Cocaine Found In Shuttle Processing Facility

Article written: 14 Jan , 2010
Updated: 26 Apr , 2016
by

[/caption]
A small amount of cocaine was found in a restricted area of the processing hangar for shuttle Discovery at Kennedy Space Center, NASA is launching an extensive investigation into the incident. KSC spokeswoman Lisa Malone said the substance was found by a United Space Alliance worker in a hallway outside two bathrooms and a janitor’s closet, in an area where workers have to swipe their identification cards to enter. Every one of the approximately 200 people who were in the Orbital Processing Facility 3 would be easily identified, NASA says, and added Discovery’s planned launch in March should not be impacted by this event.

“This is a rare and isolated incident, and I’m disappointed that it happened, but it should not detract from the outstanding work that is being done by a dedicated team on a daily basis,” Kennedy Space
Center Director Bob Cabana said. “We are conducting an investigation and working with center security and law enforcement officials to get to the bottom of it. We have multiple checks and balances in place to ensure the work on the orbiter is done correctly, and I have no concern for Discovery’s fitness for flight.”

While there are no indications anyone who was working on Discovery was under the influence of any illegal substances, drug testing of personnel who were in that area has been conducted.
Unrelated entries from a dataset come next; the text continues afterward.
(* Let $n=2$ and let $I_1,I_2$ be independent Bernoulli random variables with $\Pr[I_i=1]=p_i\in(0,1)$, $q_i=1-p_i$, and set $I_3=(1-I_1)(1-I_2)$. For positive reals $\pi_1,\pi_2,\pi_3>0$ consider the Tavin scheme with active administrator, with compensations $$W_i=(\pi_1+\pi_2+\pi_3)\,\frac{\pi_iI_i}{\pi_1I_1+\pi_2I_2+\pi_3I_3},\qquad i=1,2,3.$$ Then $E[W_i]=\pi_i$ for $i=1,2,3$ if and only if $$\pi_1=\pi_3\,\frac{p_1}{q_1}\,\frac{1-q_1q_2}{p_1q_2+p_2q_1},\qquad \pi_2=\pi_3\,\frac{p_2}{q_2}\,\frac{1-q_1q_2}{p_1q_2+p_2q_1}.$$ In particular, the set of positive investment vectors making this scheme actuarially fair for all three agents is exactly the set of vectors of this form with $\pi_3>0$ arbitrary.
   Context: Note that $\pi_1I_1+\pi_2I_2+\pi_3I_3>0$ always, since $I_3=1$ exactly when $I_1=I_2=0$. *)

From mathcomp Require Import all_boot all_order all_algebra.
Set Implicit Arguments. Unset Strict Implicit. Unset Printing Implicit Defensive.
Import Order.TTheory GRing.Theory Num.Theory.
Local Open Scope ring_scope.

(* Sample space: outcomes (I_1, I_2) in {0,1}^2, encoded as bool * bool. *)
Definition Omega := (bool * bool)%type.

Definition ind (R : ringType) (b : bool) : R := if b then 1 else 0.

Definition bern2 (R : ringType) (p1 p2 : R) (w : Omega) : R :=
  (if w.1 then p1 else 1 - p1) * (if w.2 then p2 else 1 - p2).

Definition I1 (R : ringType) (w : Omega) : R := ind R w.1.
Definition I2 (R : ringType) (w : Omega) : R := ind R w.2.
Definition I3 (R : ringType) (w : Omega) : R := (1 - I1 R w) * (1 - I2 R w).

Definition Ebern (R : ringType) (p1 p2 : R) (X : Omega -> R) : R :=
  \sum_(w : Omega) bern2 p1 p2 w * X w.

Definition denom (R : fieldType) (pi1 pi2 pi3 : R) (w : Omega) : R :=
  pi1 * I1 R w + pi2 * I2 R w + pi3 * I3 R w.

Definition W1 (R : fieldType) (pi1 pi2 pi3 : R) (w : Omega) : R :=
  (pi1 + pi2 + pi3) * (pi1 * I1 R w / denom pi1 pi2 pi3 w).
Definition W2 (R : fieldType) (pi1 pi2 pi3 : R) (w : Omega) : R :=
  (pi1 + pi2 + pi3) * (pi2 * I2 R w / denom pi1 pi2 pi3 w).
Definition W3 (R : fieldType) (pi1 pi2 pi3 : R) (w : Omega) : R :=
  (pi1 + pi2 + pi3) * (pi3 * I3 R w / denom pi1 pi2 pi3 w).

Definition fair (R : fieldType) (p1 p2 pi1 pi2 pi3 : R) : Prop :=
  [/\ Ebern p1 p2 (W1 pi1 pi2 pi3) = pi1,
      Ebern p1 p2 (W2 pi1 pi2 pi3) = pi2 &
      Ebern p1 p2 (W3 pi1 pi2 pi3) = pi3].

(* Agent 3 is paid only on the event {I1 = I2 = 0}, where it receives the whole
   pot S = pi1 + pi2 + pi3, so E[W3] = S q1 q2 and fairness for agent 3 amounts
   to pi1 + pi2 = S (1 - q1 q2).  Given this, E[W1] is affine in pi1 and the
   fairness equation of agent 1 has exactly one solution; agent 2 is agent 1
   with the two Bernoulli variables swapped. *)

From mathcomp Require Import all_boot all_order all_algebra ring lra.
Import Order.TTheory GRing.Theory Num.Theory.
Set Implicit Arguments. Unset Strict Implicit. Unset Printing Implicit Defensive.
Local Open Scope ring_scope.

Section Expectations.
Variables (R : fieldType) (p1 p2 : R).

Lemma EbernE (X : Omega -> R) : Ebern p1 p2 X =
  p1 * p2 * X (true, true) + p1 * (1 - p2) * X (true, false)
  + (1 - p1) * p2 * X (false, true) + (1 - p1) * (1 - p2) * X (false, false).
Proof.
rewrite /Ebern (eq_bigr (fun w : Omega => bern2 p1 p2 (w.1, w.2) * X (w.1, w.2)));
  last by case.
rewrite -(pair_bigA _ (fun a b => bern2 p1 p2 (a, b) * X (a, b))) /=.
by rewrite !big_bool /= /bern2 /=; ring.
Qed.

Lemma Ebern_W1 (pi1 pi2 pi3 : R) : pi1 != 0 ->
  Ebern p1 p2 (W1 pi1 pi2 pi3) =
  (pi1 + pi2 + pi3) * (p1 * p2 * (pi1 / (pi1 + pi2)) + p1 * (1 - p2)).
Proof.
move=> pi1_neq0; rewrite EbernE /W1 /denom /I1 /I2 /I3 /ind /=.
by rewrite !(mulr0, mulr1, subrr, addr0, add0r, subr0, mul0r, divff pi1_neq0); ring.
Qed.

Lemma Ebern_W3 (pi1 pi2 pi3 : R) : pi3 != 0 ->
  Ebern p1 p2 (W3 pi1 pi2 pi3) = (pi1 + pi2 + pi3) * ((1 - p1) * (1 - p2)).
Proof.
move=> pi3_neq0; rewrite EbernE /W3 /denom /I1 /I2 /I3 /ind /=.
by rewrite !(mulr0, mulr1, subrr, addr0, add0r, subr0, mul0r, divff pi3_neq0); ring.
Qed.

End Expectations.

Lemma Ebern_swap (R : fieldType) (p1 p2 : R) (X : Omega -> R) :
  Ebern p1 p2 X = Ebern p2 p1 (fun w => X (w.2, w.1)).
Proof. by rewrite !EbernE /=; ring. Qed.

Lemma W2_swap (R : fieldType) (pi1 pi2 pi3 : R) (w : Omega) :
  W2 pi1 pi2 pi3 w = W1 pi2 pi1 pi3 (w.2, w.1).
Proof.
rewrite /W2 /W1 [pi2 + pi1]addrC; congr (_ * (_ / _)).
by rewrite /denom /I3 /I1 /I2 /=; ring.
Qed.

Lemma Ebern_W2_swap (R : fieldType) (p1 p2 pi1 pi2 pi3 : R) :
  Ebern p1 p2 (W2 pi1 pi2 pi3) = Ebern p2 p1 (W1 pi2 pi1 pi3).
Proof. by rewrite [RHS]Ebern_swap; apply: eq_bigr => w _; rewrite W2_swap. Qed.

Definition fair_ratio (R : fieldType) (p1 p2 : R) : R :=
  (1 - (1 - p1) * (1 - p2)) / (p1 * (1 - p2) + p2 * (1 - p1)).

Lemma fair_ratioC (R : fieldType) (p1 p2 : R) : fair_ratio p1 p2 = fair_ratio p2 p1.
Proof. by rewrite /fair_ratio [(1 - p2) * _]mulrC [p2 * _ + _]addrC. Qed.

Lemma eq_iff_subr_scaled (R : idomainType) (x y t c : R) :
  c != 0 -> x - y = c * (t - y) -> (x = y <-> y = t).
Proof.
move=> c_neq0 exy; have := mulf_eq0 c (t - y).
rewrite -exy (negbTE c_neq0) !subr_eq0 /= => eq_xy_ty.
split=> [/eqP | ty]; first by rewrite eq_xy_ty => /eqP.
by apply/eqP; rewrite eq_xy_ty ty.
Qed.

Section Fairness.
Variables (R : realFieldType) (p1 p2 : R).
Hypotheses (hp1 : 0 < p1 < 1) (hp2 : 0 < p2 < 1).

Lemma bern2_params_gt0 :
  [/\ 0 < 1 - p1, 0 < 1 - p2, 0 < p1 * (1 - p2) + p2 * (1 - p1)
    & 0 < 1 - (1 - p1) * (1 - p2)].
Proof. by case/andP: hp1 => ? ?; case/andP: hp2 => ? ?; split; nra. Qed.

Lemma fair_ratio_gt0 : 0 < fair_ratio p1 p2.
Proof. by have [_ _ D_gt0 K_gt0] := bern2_params_gt0; rewrite divr_gt0. Qed.

Lemma fair_shares_balance (pi1 pi2 pi3 : R) :
  pi1 = pi3 * (p1 / (1 - p1)) * fair_ratio p1 p2 ->
  pi2 = pi3 * (p2 / (1 - p2)) * fair_ratio p1 p2 ->
  pi3 = (pi1 + pi2 + pi3) * ((1 - p1) * (1 - p2)).
Proof.
have [q1_gt0 q2_gt0 D_gt0 _] := bern2_params_gt0.
by move=> -> ->; rewrite /fair_ratio; field; rewrite !gt_eqF.
Qed.

Lemma Ebern_W1_eq_iff (pi1 pi2 pi3 : R) : 0 < pi1 -> 0 < pi2 -> 0 < pi3 ->
  pi3 = (pi1 + pi2 + pi3) * ((1 - p1) * (1 - p2)) ->
  Ebern p1 p2 (W1 pi1 pi2 pi3) = pi1 <->
  pi1 = pi3 * (p1 / (1 - p1)) * fair_ratio p1 p2.
Proof.
move=> pi1_gt0 pi2_gt0 pi3_gt0 balance.
have [q1_gt0 q2_gt0 D_gt0 K_gt0] := bern2_params_gt0.
rewrite Ebern_W1 ?gt_eqF //.
set S := pi1 + pi2 + pi3 in balance *.
have S_gt0 : 0 < S by rewrite /S; lra.
have sumE : pi1 + pi2 = S * (1 - (1 - p1) * (1 - p2)).
  by rewrite mulrBr mulr1 -balance /S; ring.
rewrite sumE; clearbody S; rewrite balance.
(* with K = 1 - (1 - p1) (1 - p2) and D = p1 (1 - p2) + p2 (1 - p1), the
   scale is D / K and the identity rests on K - p1 p2 = D *)
apply: (@eq_iff_subr_scaled _ _ _ _
  ((p1 * (1 - p2) + p2 * (1 - p1)) / (1 - (1 - p1) * (1 - p2)))).
  by rewrite mulf_neq0 ?invr_eq0 ?gt_eqF.
by rewrite /fair_ratio; field; rewrite !gt_eqF.
Qed.

End Fairness.

Lemma Ebern_W2_eq_iff (R : realFieldType) (p1 p2 pi1 pi2 pi3 : R) :
  0 < p1 < 1 -> 0 < p2 < 1 -> 0 < pi1 -> 0 < pi2 -> 0 < pi3 ->
  pi3 = (pi1 + pi2 + pi3) * ((1 - p1) * (1 - p2)) ->
  Ebern p1 p2 (W2 pi1 pi2 pi3) = pi2 <->
  pi2 = pi3 * (p2 / (1 - p2)) * fair_ratio p1 p2.
Proof.
move=> hp1 hp2 pi1_gt0 pi2_gt0 pi3_gt0 balance.
rewrite Ebern_W2_swap fair_ratioC; apply: Ebern_W1_eq_iff => //.
by rewrite [pi2 + pi1]addrC [(1 - p2) * _]mulrC.
Qed.

Lemma fair_iff (R : realFieldType) (p1 p2 pi1 pi2 pi3 : R) :
  0 < p1 < 1 -> 0 < p2 < 1 -> 0 < pi1 -> 0 < pi2 -> 0 < pi3 ->
  fair p1 p2 pi1 pi2 pi3 <->
  pi1 = pi3 * (p1 / (1 - p1)) * fair_ratio p1 p2 /\
  pi2 = pi3 * (p2 / (1 - p2)) * fair_ratio p1 p2.
Proof.
move=> hp1 hp2 pi1_gt0 pi2_gt0 pi3_gt0; rewrite /fair Ebern_W3 ?gt_eqF //.
have W1E := Ebern_W1_eq_iff hp1 hp2 pi1_gt0 pi2_gt0 pi3_gt0.
have W2E := Ebern_W2_eq_iff hp1 hp2 pi1_gt0 pi2_gt0 pi3_gt0.
split=> [[fair1 fair2 /esym balance] | [share1 share2]].
  by rewrite -(W1E balance) -(W2E balance).
have balance := fair_shares_balance hp1 hp2 share1 share2.
by split; [apply/(W1E balance) | apply/(W2E balance) | rewrite -balance].
Qed.

Theorem mainTheorem9 (R : realFieldType) (p1 p2 : R)
  (hp1 : 0 < p1 < 1) (hp2 : 0 < p2 < 1) :
  let q1 := 1 - p1 in let q2 := 1 - p2 in
  (forall pi1 pi2 pi3 : R, 0 < pi1 -> 0 < pi2 -> 0 < pi3 ->
     (fair p1 p2 pi1 pi2 pi3 <->
      (pi1 = pi3 * (p1 / q1) * ((1 - q1 * q2) / (p1 * q2 + p2 * q1)) /\
       pi2 = pi3 * (p2 / q2) * ((1 - q1 * q2) / (p1 * q2 + p2 * q1)))))
  /\
  (forall pi1 pi2 pi3 : R,
     ([/\ 0 < pi1, 0 < pi2, 0 < pi3 & fair p1 p2 pi1 pi2 pi3] <->
      [/\ 0 < pi3,
          pi1 = pi3 * (p1 / q1) * ((1 - q1 * q2) / (p1 * q2 + p2 * q1)) &
          pi2 = pi3 * (p2 / q2) * ((1 - q1 * q2) / (p1 * q2 + p2 * q1))])).
Proof.
move=> q1 q2; split=> [pi1 pi2 pi3 | pi1 pi2 pi3]; first exact: fair_iff.
split=> [[pi1_gt0 pi2_gt0 pi3_gt0] | [pi3_gt0 share1 share2]].
  by move/(fair_iff hp1 hp2 pi1_gt0 pi2_gt0 pi3_gt0) => [share1 share2].
have [q1_gt0 q2_gt0 _ _] := bern2_params_gt0 hp1 hp2.
have ratio_gt0 := fair_ratio_gt0 hp1 hp2.
have /andP[p1_gt0 _] := hp1; have /andP[p2_gt0 _] := hp2.
have pi1_gt0 : 0 < pi1.
  by rewrite share1; apply: (mulr_gt0 _ ratio_gt0); rewrite mulr_gt0 ?divr_gt0.
have pi2_gt0 : 0 < pi2.
  by rewrite share2; apply: (mulr_gt0 _ ratio_gt0); rewrite mulr_gt0 ?divr_gt0.
by split=> //; apply/(fair_iff hp1 hp2 pi1_gt0 pi2_gt0 pi3_gt0).
Qed.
Drug-sniffing dogs were immediately called in to check out the employees, but found nothing.

NASA said extensive efforts are being made to ensure flight hardware and equipment that will be used by astronauts on Discovery’s upcoming STS-131 mission are completely safe.

“We have processes that will ensure the integrity of the shuttle,” Cabana said. “There is no reason whatsoever to believe this incident will have any impact on Discovery’s upcoming launch.”

Meticulous records are kept on all work that is performed. Shuttle safety and quality assurance teams have the capability to trace individuals’ work in detail. In addition, most work tasks are reviewed and approved by one, and sometimes two, quality inspectors and specialists who verify proper work was done on critical flight hardware.

Sources: NASA, Orlando Sentinel

,



9 Responses

  1. Dominion says

    Some people will stop at nothing to find a perfect rocket fuel.

  2. Member
    IVAN3MAN says

    The only perfect rocket fuel that I know of is Slivovitz.

  3. MR Photo says

    When a hundred million miles up isn’t high enough…

  4. Dave Finton says

    “NASA management was puzzled at first when it was demonstrated that Fred could attach a booster rocket to the shuttle all by himself with no special equipment of any kind…”

  5. Lawrence B. Crowell says

    This is not surprising. I can relate an experience, having worked for XYZ aerospace corporation. I don’t want to divulge the name here. Some people, including upper management, would toot up coke on the job. This goes back a ways in the 1990s when cocaine still had an elitist connotation, and it was a way some people could remain “pumped” for longer time periods and put in 16 hour days.

    LC

  6. Aodhhan says

    What do you want to bet the final investigation report released to the public will say something like, it was left behind as a prank by an employee who quit working there.

  7. cipater says

    so what? does cocaine corrode thermal tiles or something?

    get a grip, america. the guy’s job performance would be enhanced, if anything.

    but we’ll all enthusiastically accept chugging down coffee to keep ourselves going at work, no problem. how many times have you heard someone blame, jokingly or otherwise, a lack of caffeine for an absent-minded mistake?

  8. Vanamonde says

    Sad, but ineviable. I wonder, who will be the first person caught with possession in space? Or has it happened, ever so quietly, all ready? Those six month missions on the ISS but get long and boring.

  9. Astrofiend says

    “# IVAN3MAN Says:
    January 14th, 2010 at 6:34 pm

    “The only perfect rocket fuel that I know of is Slivovitz.”

    Allow me to inform you of another – Mampoer, distilled in dodgy illegal setups in South Africa will literally asphyxiate you and kick you in the nuts at the same time. It is the second most offensive liquid to the human body known to man – the first being VX nerve agent.